2. Accrual Basis of Accounting – Under Accrual Basis of Accounting, unlike under Cash Basis of Accounting, income is recorded as income when it is earned or accrued. For example, credit sale is recognized as sale irrespective of the fact whether amount has been received or not. Similarly, if an expense has been incurred but payment has not been made, it will be recorded as an expense. For example, rent for the month of March, 2021 has not been paid. It will still be recorded as an expense because it had become due.

  1. Both Cash and credit transactions are recorded
  2. Prepaid and outstanding expenses are accounted in the profit and loss Account. Accrued income and income received in advance are also accounted and shown in the Balance sheet.
  3. The accrual Basis of Accounting requires technical knowledge as many adjustments like prepaid, outstanding, capital and revenue and required to be made.
  4. Correct profit or loss is ascertained because it records both cash and credit transactions.
  1. Cash Transactions are recorded.
  2. Prepaid and outstanding expenses are not adjusted. Similarly, accrued income and income received in advance are not adjusted.
  3. It does not require much of technical knowledge as is required for Accrual Basis of Accounting.
  4. Correct profit or loss is not ascertained because it records only cash transactions.

PRACTICAL PROBLEMS

  1. During the year ended 31st March, 2025, Mohan, had cash sales of Rs.90,000 and credit sales of Rs.60,000. His expenses for the year were Rs.70,000 out which Rs.30,000 is yet to be paid. Find Mohan’s income for the year following the Cash Basis of Accounting.

Answer:

Cash sales = 90,000

Total Expenses = 70,000

Outstanding Expenses = 30,000

Cash Expenses = 70,000 – 30,000

                           = 40,000

Mohan’s income for 2025 = 90,000 – 40,000

                                              = 50,000

2. Taking the value given in 1 above, determine the income according to the Accrual Basis of Accounting.

Answer:-

Mohan’s income for first year – Second year accrual basis of accounting

               = total Sales – total expenses

              = Cash sales + Credit Sales – total expenses

              = Rs.90,000 + Rs.60,000 – Rs.70,000

              = Rs.1,50,000 – 70,000

             = Rs.80,000

3.In the financial year 2024-25, Shiva earned total revenue of Rs.3,45,000, out of which Rs.2,35,000 was received. Total expenses paid by him were Rs.2,20,000, out of which Rs.10,000 relate to 2025-26. Expenses of Rs.15,000 are still outstanding. Ascertain Shiva’s income for 2024-25 as per:

  • Cash Basis of Accounting
  • Accrual Basis of Accounting.

Answer:-

  • Cash Basis of Accounting

Identify cash received: Revenue received  = Rs.2,35,000.

Identify cash paid : Expenses paid = Rs.2,20,000

Calculate income: Cash received – Cash paid

                               =  2,35,000 – 2,20,000

                               = Rs.15.000

  • Accrual basis accounting

Identify total expenses for the period = Expenses paid (Rs.2,20,000) – Expenses relating to 2025-26 (Rs.10,000) + Outstanding expenses (Rs.15,000)

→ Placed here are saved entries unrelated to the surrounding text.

(* The counting bound for the eigenvalues themselves: with the weight
   mu_m = (lambda_m^tau)^n, the condition lambda_{d,k} > eps^2 becomes
   prod mu_k > eps^(2 tau n). *)
Lemma count_eps (lam : nat -> R) (I : nat -> nat -> bool) (tau : R) (n r : nat) (S0 : R) d eps :
  (forall m, 0 <= lam m) -> 0 < tau -> (1 <= n)%nat -> (1 <= r)%nat ->
  (forall m, powr (lam m) tau <= 1) ->
  (forall N, lsum (fun m => powr (lam m) tau ^ n) (seq 0 N) <= S0) ->
  (forall N, lsum (fun m => powr (lam m) tau ^ n) (seq r N) <= /2) ->
  0 < eps ->
  n_le lam I eps d (Rpower eps (- (2 * tau * INR n)) * (S0 ^ b_d I d * INR (S (a_d I d)) ^ (r-1) * 2)).
Proof.
  intros Hl Ht Hn Hr H1 HS Hh He L HL Hk.
  set (c0 := Rpower (eps ^ 2) tau).
  assert (Hc0 : 0 < c0) by (unfold c0, Rpower; apply exp_pos).
  assert (Hc : Rpower eps (2 * tau * INR n) = c0 ^ n).
  { unfold c0. rewrite <- Rpower_pow by (unfold Rpower; apply exp_pos).
    rewrite Rpower_mult. replace (eps ^ 2) with (Rpower eps (INR 2)) by (apply Rpower_pow; auto).
    rewrite Rpower_mult. f_equal. simpl. ring. }
  rewrite Rpower_Ropp, Hc.
  apply main_count with (mu := fun m => powr (lam m) tau ^ n); auto.
  - intros m. split; [apply pow_le, powr_nonneg | apply pow_le_one; split; [apply powr_nonneg | auto]].
  - apply pow_lt; auto.
  - intros k Hk'. destruct (Hk k Hk') as [A B]. split; auto.
    rewrite prodlam_pow, prodlam_powr by auto. apply Rlt_gt, pow_lt_compat_l; auto.
    split; [lra |]. rewrite powr_pos by nra. unfold c0. apply Rlt_Rpower_l; auto.
    split; [nra | lra].
Qed.

Lemma lsum_seq_sum f N : lsum f (seq 0 (S N)) = sum_f_R0 f N.
Proof. induction N; [simpl; ring |]. rewrite seq_S, lsum_app, IHN. simpl. ring. Qed.

Lemma ell_partial_sums_le (lam : nat -> R) (tau l : R) :
  Un_cv (fun N => sum_f_R0 (fun m => powr (lam m) tau) N) l ->
  forall N, lsum (fun m => powr (lam m) tau) (seq 0 N) <= l.
Proof.
  intros Hcv.
  assert (Hg : forall N, sum_f_R0 (fun m => powr (lam m) tau) N <= l).
  { apply growing_ineq; auto. intros N. simpl. pose proof (powr_nonneg (lam (S N)) tau). lra. }
  intros [|N].
  - pose proof (Hg 0%nat). pose proof (powr_nonneg (lam 0%nat) tau). simpl in *. lra.
  - rewrite lsum_seq_sum; auto.
Qed.

Lemma ln_nonneg x : 1 <= x -> 0 <= ln x.
Proof.
  intros H. rewrite <- ln_1. destruct (Rle_lt_or_eq_dec _ _ H) as [H'|<-]; [|lra].
  apply Rlt_le, ln_increasing; lra.
Qed.

Lemma geometric_small v l : 0 <= v < 1 -> 0 <= l -> exists n, (1 <= n)%nat /\ v ^ (n-1) * l <= /2.
Proof.
  intros Hv Hl. assert (Hy : 0 < / (2 * (l + 1))) by (apply Rinv_0_lt_compat; lra).
  destruct (pow_lt_1_zero v ltac:(rewrite Rabs_pos_eq; lra) _ Hy) as [N HN].
  exists (S N). split; [lia |]. replace (S N - 1)%nat with N by lia.
  specialize (HN N (le_n _)). rewrite Rabs_pos_eq in HN by (apply pow_le; lra).
  assert (E : / (2 * (l + 1)) * (2 * (l + 1)) = 1) by (field; lra).
  assert (0 <= v ^ N) by (apply pow_le; lra). nra.
Qed.
(* Let $k\ge3$, $d$ a positive integer, $\alpha=d/k$, $\beta>0$, $\lambda\in(0,1)$, and let $\eta_0$ be a probability measure on $[0,1]$ with $\eta_0(\mathrm dx)=\eta_0(\mathrm d(1-x))$. For any literals $\underline{\mathtt L}_a\in\{0,1\}^k$, $0\le a\le d$, the quantity $$\mathcal P\big(\delta_{\eta_0},\lambda;(\underline{\mathtt L}_a)_{0\le a\le d}\big):=\lambda^{-1}\log\mathbb E'\Big(\sum_{x\in\{0,1\}}\prod_{a=1}^d u_{a,\underline{\mathtt L}_a}(x)\Big)^{\lambda}-(k-1)\alpha\lambda^{-1}\log\mathbb E'\big(u_{\underline{\mathtt L}_0}\big)^{\lambda}$$ does not depend on $(\underline{\mathtt L}_a)_{0\le a\le d}$. Consequently, its average over $(\underline{\mathtt L}_a)_{0\le a\le d}$ i.i.d. uniform on $\{0,1\}^k$ equals its value at $\underline{\mathtt L}_a\equiv\underline 0$.
   Context: Identify a probability measure $\rho$ on $\{0,1\}$ with $\rho(1)\in[0,1]$. Let $(\rho_{a,j})_{a\ge0,j\ge1}$ be i.i.d. samples from $\eta_0$, and $\mathbb E'$ the expectation over them. For $\underline{\mathtt L}\in\{0,1\}^k$ and $\underline x\in\{0,1\}^k$, $\theta_{\underline{\mathtt L}}(\underline x)=(1-e^{-\beta})\big(\prod_{i=1}^k(\mathtt L_i\oplus x_i)+\prod_{i=1}^k(\mathtt L_i\oplus x_i\oplus1)\big)$. For $x\in\{0,1\}$: $u_{a,\underline{\mathtt L}}(x)=\sum_{\underline x\in\{0,1\}^k}\mathbb 1\{x_1=x\}(1-\theta_{\underline{\mathtt L}}(\underline x))\prod_{j=2}^k\rho_{a,j}(x_j)$ and $u_{\underline{\mathtt L}}=\sum_{\underline x\in\{0,1\}^k}(1-\theta_{\underline{\mathtt L}}(\underline x))\prod_{j=1}^k\rho_{0,j}(x_j)$. *)

From HB Require Import structures.
From mathcomp Require Import all_boot all_order all_algebra.
From mathcomp Require Import all_classical all_reals all_analysis.
Set Implicit Arguments. Unset Strict Implicit. Unset Printing Implicit Defensive.
Import Order.TTheory GRing.Theory Num.Theory.
Local Open Scope ring_scope.

Section Defs.
Variable R : realType.

(* A probability measure rho on {0,1} identified with rho(1) = p in [0,1]. *)
Definition nae_rho (p : R) (b : bool) : R := if b then p else 1 - p.

Definition nae_theta (k : nat) (beta : R) (L x : {ffun 'I_k -> bool}) : R :=
  (1 - expR (- beta)) *
  ((\prod_(i < k) ((L i (+) x i : bool) : nat)%:R) +
   (\prod_(i < k) ((L i (+) x i (+) true : bool) : nat)%:R)).

(* u_{a,L}(x): the first coordinate (index 0 in 'I_k, index 1 in the paper)
   is fixed to x; rho_{a,j} for the other j are the given reals in [0,1]. *)
Definition nae_ua (k : nat) (beta : R) (L : {ffun 'I_k -> bool})
    (rho_a : 'I_k -> R) (x : bool) : R :=
  \sum_(xs : {ffun 'I_k -> bool} | [forall j : 'I_k, (val j == 0%N) ==> (xs j == x)])
    (1 - nae_theta beta L xs) * \prod_(j < k | val j != 0%N) nae_rho (rho_a j) (xs j).

Definition nae_u0 (k : nat) (beta : R) (L : {ffun 'I_k -> bool})
    (rho_0 : 'I_k -> R) : R :=
  \sum_(xs : {ffun 'I_k -> bool})
    (1 - nae_theta beta L xs) * \prod_(j < k) nae_rho (rho_0 j) (xs j).

(* Expectation of F(r_0, ..., r_{n-1}) where r_0, ..., r_{n-1} are i.i.d.
   with law P: the iterated integral (= integral against the product measure
   P^{\otimes n} for nonnegative measurable F, by Tonelli). *)
Fixpoint nae_iidE (P : probability R R) (n : nat) (F : (nat -> R) -> R) : \bar R :=
  match n with
  | 0%N => (F (fun _ => 0))%:E
  | n'.+1 => (\int[P]_x
       nae_iidE P n' (fun r => F (fun i => if i == n' then x else r i)))%E
  end.

Definition nae_smp (k : nat) (r : nat -> R) (a j : nat) : R := r (a * k + j)%N.

Definition nae_P (k d : nat) (beta lambda : R) (eta0 : probability R R)
    (L : 'I_d.+1 -> {ffun 'I_k -> bool}) : R :=
  let n := (d.+1 * k)%N in
  let alpha := (d%:R / k%:R : R) in
  lambda^-1 * ln (fine (nae_iidE eta0 n (fun r =>
      (\sum_(x : bool) \prod_(a < d.+1 | val a != 0%N)
          nae_ua beta (L a) (fun j : 'I_k => nae_smp k r a j) x) `^ lambda)))
  - (k%:R - 1) * alpha * lambda^-1 *
    ln (fine (nae_iidE eta0 n (fun r =>
      (nae_u0 beta (L ord0) (fun j : 'I_k => nae_smp k r 0 j)) `^ lambda))).

End Defs.
Arguments nae_P {R} k d beta lambda eta0 L.

(* Since eta0 is invariant under x |-> 1 - x, reflecting any set of the i.i.d.
   samples leaves every expectation unchanged.  Flipping literals is a gauge
   symmetry: negating the spins x_j where L_j differs from a reference bit
   turns theta_L into theta_0, and turns the weight rho_j(x_j) into the weight
   of the reflected sample 1 - rho_j.  So each u_{a,L_a} (resp. u_{L_0}) is
   u_{a,0} (resp. u_0) evaluated at partially reflected samples, and P takes
   the same value for all literals; the average is then trivial. *)

From HB Require Import structures.
From mathcomp Require Import all_boot all_order all_algebra.
From mathcomp Require Import all_classical all_reals all_analysis.
From mathcomp Require Import measurable_realfun.
Set Implicit Arguments. Unset Strict Implicit. Unset Printing Implicit Defensive.
Import Order.TTheory GRing.Theory Num.Theory.
Local Open Scope classical_set_scope.
Local Open Scope ring_scope.

Section integral_involution.
Context d (T : measurableType d) (R : realType).
Variables (mu : {measure set T -> \bar R}) (phi : T -> T).
Hypotheses (mphi : measurable_fun setT phi) (phiK : involutive phi)
  (mu_phi : forall A, measurable A -> mu (phi @^-1` A) = mu A).

Import HBSimple HBNNSimple.

Section nnsfun_comp.
Variable h : {nnsfun T >-> R}.

Definition nnsfun_comp := h \o phi.

Let mcomp : measurable_fun setT nnsfun_comp.
Proof. exact: measurableT_comp. Qed.

Let fin_comp : finite_set (range nnsfun_comp).
Proof. by apply: sub_finite_set (fimfunP h) => _ [x _ <-]; exists (phi x). Qed.

Let ge0_comp x : 0 <= nnsfun_comp x.
Proof. exact: fun_ge0. Qed.

HB.instance Definition _ := isMeasurableFun.Build _ _ _ _ nnsfun_comp mcomp.
HB.instance Definition _ := FiniteImage.Build _ _ nnsfun_comp fin_comp.
HB.instance Definition _ := isNonNegFun.Build _ _ nnsfun_comp ge0_comp.

Lemma sintegral_comp : sintegral mu nnsfun_comp = sintegral mu h.
Proof.
apply: eq_fsbigr => r _; congr (_ * _)%E.
exact: (mu_phi (measurable_funPTI h (measurable_set1 r))).
Qed.

End nnsfun_comp.

Local Open Scope ereal_scope.

(* [\int] is built from this supremum; composing with [phi] permutes the simple
   functions below [g] and preserves their integrals, so no measurability of
   the integrand is needed. *)
Let simple_sup (g : T -> \bar R) := ereal_sup [set sintegral mu h |
  h in [set h : {nnsfun T >-> R} | forall x, (h x)%:E <= g x]].

Let simple_sup_le_comp g : simple_sup g <= simple_sup (g \o phi).
Proof.
apply: ge_ereal_sup => _ [h hg <-]; apply: ereal_sup_ubound.
exists (nnsfun_comp h : {nnsfun T >-> R}); last exact: sintegral_comp.
by move=> x; exact: hg.
Qed.

Let simple_sup_comp g : simple_sup (g \o phi) = simple_sup g.
Proof.
apply/le_anti/andP; split; last exact: simple_sup_le_comp.
have phiphi : (g \o phi) \o phi = g by apply/funext => x /=; rewrite phiK.
by have := simple_sup_le_comp (g \o phi); rewrite phiphi.
Qed.

Lemma integral_comp_involution (f : T -> \bar R) :
  \int[mu]_x f (phi x) = \int[mu]_x f x.
Proof.
rewrite /integral !patch_setT.
have -> : (fun x => f (phi x))^\+ = f^\+ \o phi.
  by apply/funext => x; rewrite /= !funeposE.
have -> : (fun x => f (phi x))^\- = f^\- \o phi.
  by apply/funext => x; rewrite /= !funenegE.
by congr (_ - _); [exact: (simple_sup_comp f^\+)|exact: (simple_sup_comp f^\-)].
Qed.

End integral_involution.

Section iid_reflection.
Variables (R : realType) (P : probability R R) (phi : R -> R).
Hypothesis integral_phi :
  forall f : R -> \bar R, (\int[P]_x f (phi x) = \int[P]_x f x)%E.

(* Coordinates [i >= n] are not integrated by [nae_iidE P n] (they are frozen
   to [0]), so they must not be reflected. *)
Definition reflect_coords (s : pred nat) (n : nat) (r : nat -> R) (i : nat) :=
  if s i && (i < n)%N then phi (r i) else r i.

Lemma nae_iidE_reflect n s (F : (nat -> R) -> R) :
  nae_iidE P n (F \o reflect_coords s n) = nae_iidE P n F.
Proof.
elim: n F => [|n IHn] F /=.
  by congr (F _)%:E; apply/funext => i; rewrite /reflect_coords andbF.
pose Fx x r := F (fun i => if i == n then x else r i).
have reflectS x r : reflect_coords s n.+1 (fun i => if i == n then x else r i)
    = fun i => if i == n then (if s n then phi x else x)
               else reflect_coords s n r i.
  apply/funext => i; rewrite /reflect_coords ltnS leq_eqVlt.
  by case: eqP => [->|_]; rewrite ?ltnSn ?andbT //; case: (s n).
transitivity (\int[P]_x nae_iidE P n (Fx (if s n then phi x else x)))%E.
  apply: eq_integral => x _; rewrite -[RHS]IHn; apply: congr1.
  by apply/funext => r /=; rewrite reflectS.
by case: (s n); first exact: (integral_phi (fun x => nae_iidE P n (Fx x))).
Qed.

End iid_reflection.

Section nae_gauge.
Variables (R : realType) (k' : nat) (beta : R).
Local Notation k := k'.+1.
Implicit Types (L xs : {ffun 'I_k -> bool}) (c : bool).

Definition gauge L c xs : {ffun 'I_k -> bool} := [ffun i => L i (+) xs i (+) c].

Lemma gaugeK L c : involutive (gauge L c).
Proof.
by move=> xs; apply/ffunP => i; rewrite !ffunE; case: (L i); case: (xs i); case: c.
Qed.

Lemma gauge_ord0 L xs : gauge L (L ord0) xs ord0 = xs ord0.
Proof. by rewrite ffunE; case: (L ord0); case: (xs ord0). Qed.

Lemma nae_theta_gauge L c xs :
  nae_theta beta L (gauge L c xs) = nae_theta beta [ffun=> false] xs.
Proof.
have flipL i : L i (+) gauge L c xs i = xs i (+) c.
  by rewrite ffunE; case: (L i); case: (xs i); case: c.
rewrite /nae_theta; congr (_ * _).
under eq_bigr do rewrite flipL.
under [X in _ + X]eq_bigr do rewrite flipL.
under [in RHS]eq_bigr do rewrite ffunE addFb.
under [X in _ = _ + X]eq_bigr do rewrite ffunE addFb.
case: c {flipL}; last by congr (_ + _); apply: eq_bigr => i _; rewrite addbF.
by rewrite addrC; congr (_ + _); apply: eq_bigr => i _; rewrite -addbA addbb addbF.
Qed.

Lemma nae_rho_addb (p : R) c b :
  nae_rho p (c (+) b) = nae_rho (if c then 1 - p else p) b.
Proof. by case: c; case: b; rewrite /nae_rho //= subKr. Qed.

Lemma forall_ord0_imply (P : 'I_k -> bool) :
  [forall j : 'I_k, (val j == 0%N) ==> P j] = P ord0.
Proof.
apply/forallP/idP => [/(_ ord0)//|P0 j]; apply/implyP => /eqP j0.
by rewrite (_ : j = ord0) //; exact: val_inj.
Qed.

Lemma nae_ua_gauge L (rho : 'I_k -> R) x :
  nae_ua beta L rho x =
  nae_ua beta [ffun=> false]
    (fun j => if L j (+) L ord0 then 1 - rho j else rho j) x.
Proof.
rewrite /nae_ua (reindex_inj (can_inj (gaugeK L (L ord0)))) /=.
apply: eq_big => [xs|xs _]; first by rewrite !forall_ord0_imply gauge_ord0.
rewrite nae_theta_gauge; congr (_ * _); apply: eq_bigr => j _.
by rewrite -nae_rho_addb ffunE addbAC.
Qed.

Lemma nae_u0_gauge L (rho : 'I_k -> R) :
  nae_u0 beta L rho =
  nae_u0 beta [ffun=> false] (fun j => if L j then 1 - rho j else rho j).
Proof.
rewrite /nae_u0 (reindex_inj (can_inj (gaugeK L false))) /=.
apply: eq_bigr => xs _; rewrite nae_theta_gauge; congr (_ * _).
by apply: eq_bigr => j _; rewrite -nae_rho_addb ffunE addbF.
Qed.

End nae_gauge.

Section nae_P_gauge.
Variables (R : realType) (eta0 : probability R R) (k' d : nat) (beta lambda : R).
Local Notation k := k'.+1.
Local Notation n := (d.+1 * k)%N.
Hypothesis eta0_reflect :
  forall f : R -> \bar R, (\int[eta0]_x f (1 - x)%R = \int[eta0]_x f x)%E.

Lemma sample_index_lt (a : 'I_d.+1) (j : 'I_k) : (a * k + j < n)%N.
Proof.
apply: (@leq_trans (a.+1 * k)); first by rewrite mulSnr ltn_add2l.
by rewrite leq_mul2r ltn_ord orbT.
Qed.

Lemma sample_indexK (a j : nat) :
  (j < k)%N -> ((a * k + j) %/ k = a)%N /\ ((a * k + j) %% k = j)%N.
Proof.
move=> jk; split; first by rewrite divnMDl // divn_small // addn0.
by rewrite modnMDl modn_small.
Qed.

Lemma nae_smp_reflect s r (a : 'I_d.+1) (j : 'I_k) :
  nae_smp k (reflect_coords (fun x : R => 1 - x) s n r) a j
  = if s (a * k + j)%N then 1 - nae_smp k r a j else nae_smp k r a j.
Proof. by rewrite /nae_smp /reflect_coords sample_index_lt andbT. Qed.

Lemma nae_iidE_ua_gauge (L : 'I_d.+1 -> {ffun 'I_k -> bool}) (G : R -> R) :
  nae_iidE eta0 n (fun r => G (\sum_x \prod_(a < d.+1 | val a != 0%N)
      nae_ua beta (L a) (fun j : 'I_k => nae_smp k r a j) x)) =
  nae_iidE eta0 n (fun r => G (\sum_x \prod_(a < d.+1 | val a != 0%N)
      nae_ua beta [ffun=> false] (fun j : 'I_k => nae_smp k r a j) x)).
Proof.
pose s i :=
  let a : 'I_d.+1 := inord (i %/ k) in L a (inord (i %% k)) (+) L a ord0.
rewrite -[RHS](nae_iidE_reflect eta0_reflect _ s).
apply: congr1; apply/funext => r /=.
congr G; apply: eq_bigr => x _; apply: eq_bigr => a _.
rewrite nae_ua_gauge; congr nae_ua; apply/funext => j.
rewrite nae_smp_reflect /s /=.
have [-> ->] := sample_indexK a (ltn_ord j).
by rewrite !inord_val.
Qed.

Lemma nae_iidE_u0_gauge (L : {ffun 'I_k -> bool}) (G : R -> R) :
  nae_iidE eta0 n (fun r =>
    G (nae_u0 beta L (fun j : 'I_k => nae_smp k r 0 j))) =
  nae_iidE eta0 n (fun r =>
    G (nae_u0 beta [ffun=> false] (fun j : 'I_k => nae_smp k r 0 j))).
Proof.
pose s i := ((i %/ k == 0) && L (inord (i %% k)))%N.
rewrite -[RHS](nae_iidE_reflect eta0_reflect _ s).
apply: congr1; apply/funext => r /=.
congr G; rewrite nae_u0_gauge; congr nae_u0; apply/funext => j.
rewrite (nae_smp_reflect _ _ ord0) /s.
have [-> ->] := sample_indexK 0 (ltn_ord j).
by rewrite inord_val.
Qed.

Lemma nae_P_gauge (L : 'I_d.+1 -> {ffun 'I_k -> bool}) :
  nae_P k d beta lambda eta0 L =
  nae_P k d beta lambda eta0 (fun _ => [ffun=> false]).
Proof.
rewrite /nae_P (nae_iidE_ua_gauge L (fun t => t `^ lambda)).
by rewrite (nae_iidE_u0_gauge (L ord0) (fun t => t `^ lambda)).
Qed.

End nae_P_gauge.

Theorem lemma2p3 (R : realType) (k d : nat) (beta lambda : R)
    (eta0 : probability R R) :
  (3 <= k)%N -> (0 < d)%N -> 0 < beta -> 0 < lambda < 1 ->
  eta0 `[0, 1]%classic = 1%E ->
  (forall A : set R, measurable A ->
     eta0 ((fun x : R => 1 - x) @^-1` A) = eta0 A) ->
  (forall L L' : 'I_d.+1 -> {ffun 'I_k -> bool},
     nae_P k d beta lambda eta0 L = nae_P k d beta lambda eta0 L') /\
  (2 ^+ (k * d.+1))^-1 *
    \sum_(L : {ffun 'I_d.+1 -> {ffun 'I_k -> bool}}) nae_P k d beta lambda eta0 L
  = nae_P k d beta lambda eta0 (fun _ => [ffun _ => false]).
Proof.
(* Besides k > 0, only the reflection symmetry of eta0 is used. *)
case: k => [//|k'] _ _ _ _ _ eta0_sym.
have eta0_reflect f : (\int[eta0]_x f (1 - x)%R = \int[eta0]_x f x)%E.
  apply: (@integral_comp_involution _ _ _ eta0 (fun x : R => 1 - x)) => //.
    exact: measurable_funB.
  by move=> x; rewrite subKr.
have gauge0 := nae_P_gauge (k' := k') (d := d) beta lambda eta0_reflect.
split=> [L L'|]; first by rewrite gauge0 [RHS]gauge0.
under eq_bigr do rewrite gauge0.
rewrite sumr_const card_ffun card_ffun card_bool !card_ord.
by rewrite -expnM -[X in _ * X]mulr_natl natrX mulrA mulVf ?mul1r // expf_neq0.
Qed.
(* Let $\mathcal I$ be an ideal on $\mathbb N$ with the Baire property, and let $\sum_n x_n$ be a series in a Banach space $X$. Then $\sum_n x_n$ is unconditionally convergent if and only if the set $$B(\mathcal I,(x_n)):=\left\{t \in \{-1,1\}^{\mathbb N} \colon \sum_n t(n)x_n \text{ is } \mathcal I\text{-convergent}\right\}$$ is nonmeager in $\{-1,1\}^{\mathbb N}$ (with the product topology).
   Context: $\mathbb N=\{1,2,\dots\}$. An ideal on $\mathbb N$ is a family $\mathcal I\subset\mathcal P(\mathbb N)$ closed under finite unions and subsets, with $\mathbb N\notin\mathcal I$ and containing all finite subsets of $\mathbb N$. Identifying subsets of $\mathbb N$ with their characteristic functions, $\mathcal I$ is regarded as a subset of the Cantor space $\{0,1\}^{\mathbb N}$ (product topology), and ''$\mathcal I$ has the Baire property'' refers to this subset. A sequence $(y_n)$ in a normed space is $\mathcal I$-convergent to $y$ if $\{n:\|y_n-y\|>\varepsilon\}\in\mathcal I$ for every $\varepsilon>0$; a series is $\mathcal I$-convergent if its sequence of partial sums is $\mathcal I$-convergent to some element. A series $\sum_n x_n$ is unconditionally convergent if $\sum_n x_{p(n)}$ converges for every permutation $p$ of $\mathbb N$. Banach spaces are over $\mathbb R$. *)

From HB Require Import structures.
From mathcomp Require Import all_boot all_order all_algebra.
From mathcomp Require Import all_classical all_reals all_analysis.
Set Implicit Arguments. Unset Strict Implicit. Unset Printing Implicit Defensive.
Import Order.TTheory GRing.Theory Num.Theory.
Import numFieldNormedType.Exports.
Local Open Scope classical_set_scope.
Local Open Scope ring_scope.

(* Conventions: the paper's index set N = {1,2,...} is represented by nat
   through the bijection m |-> m-1 (nat index n stands for the paper's n+1).
   A subset A of nat is identified with its characteristic function
   (fun n => `[< A n >]) : cantor_space = nat -> bool with the product topology. *)

Definition is_ideal (I : set (set nat)) : Prop :=
  [/\ (forall A B, I A -> I B -> I (A `|` B)),
      (forall A B, B `<=` A -> I A -> I B),
      ~ I [set: nat] &
      (forall A, finite_set A -> I A)].

Definition nowhere_dense {T : topologicalType} (A : set T) : Prop :=
  (closure A)^° = set0.

Definition meager {T : topologicalType} (A : set T) : Prop :=
  exists F : nat -> set T,
    (forall n, nowhere_dense (F n)) /\ A `<=` \bigcup_n F n.

Definition has_Baire_property {T : topologicalType} (A : set T) : Prop :=
  exists U M : set T, [/\ open U, meager M & A = (U `\` M) `|` (M `\` U)].

Definition ideal_as_cantor_set (I : set (set nat)) : set cantor_space :=
  [set f : cantor_space | I [set n | f n]].

Definition I_convergent {R : realType} {V : normedModType R}
    (I : set (set nat)) (y : nat -> V) (l : V) : Prop :=
  forall e : R, 0 < e -> I [set n | e < `|y n - l|].

(* Partial sums s_1, s_2, ... of the series (paper indexing), i.e. the
   nat-indexed sequence n |-> x_0 + ... + x_n. *)
Definition partial_sums {R : realType} {V : normedModType R} (x : nat -> V)
  : nat -> V := fun n => series x n.+1.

                            = 2,20,000 – 10,000 + 15,000

                            = 1,20,000

4.Naren gave following information about his income and expenses for the year ended 31st March, 2025:

Expenses paid                                                                           1,80,000

Exp. paid in advance (not included in above)                         20,000

Exp. Not yet paid                                                                          10,000

Income received                                                                        2,40,000

Income received in advance (included in Income Received) 15,000

Income not yet received                                                                12,000

Find the net income or profit of Naren if he adopts (i) Cash Basis of Accounting, and (ii) Accrual Basis of Accounting.

Answer:-

  • Cash Basis

Income              =   Rs.2,40,000

Expenses          =    Rs.180,000

Profit                 =   Rs.240,000 – Rs.180,000

                           =    Rs.60,000

  • Accrual Basis:

Total income    =    Rs.2,40,000 – Rs.15,000 (advance) + 12,000

                           =    Rs.2,37,000

Total expenses =   Rs.180,000 – Rs.20,000 (advance) + Rs.10,000

                            =    Rs.170,000

Profit                  =    Rs.237,000 – Rs.170,000

                            = 67,000

5.Pawan gives the following information about his income and expenses for the year ended 31st March, 2025”

  
Exp. Paid Exp.
paid in advance Outstanding expenses
80,000
20,000
10,000
Income received Income received in adv. Income earned but not received1,20,000
15,000
12,000

Compute the net income of Pawan if he adopts (i) Cash Basis of Accounting, and (ii) Accrual Basis of Accounting.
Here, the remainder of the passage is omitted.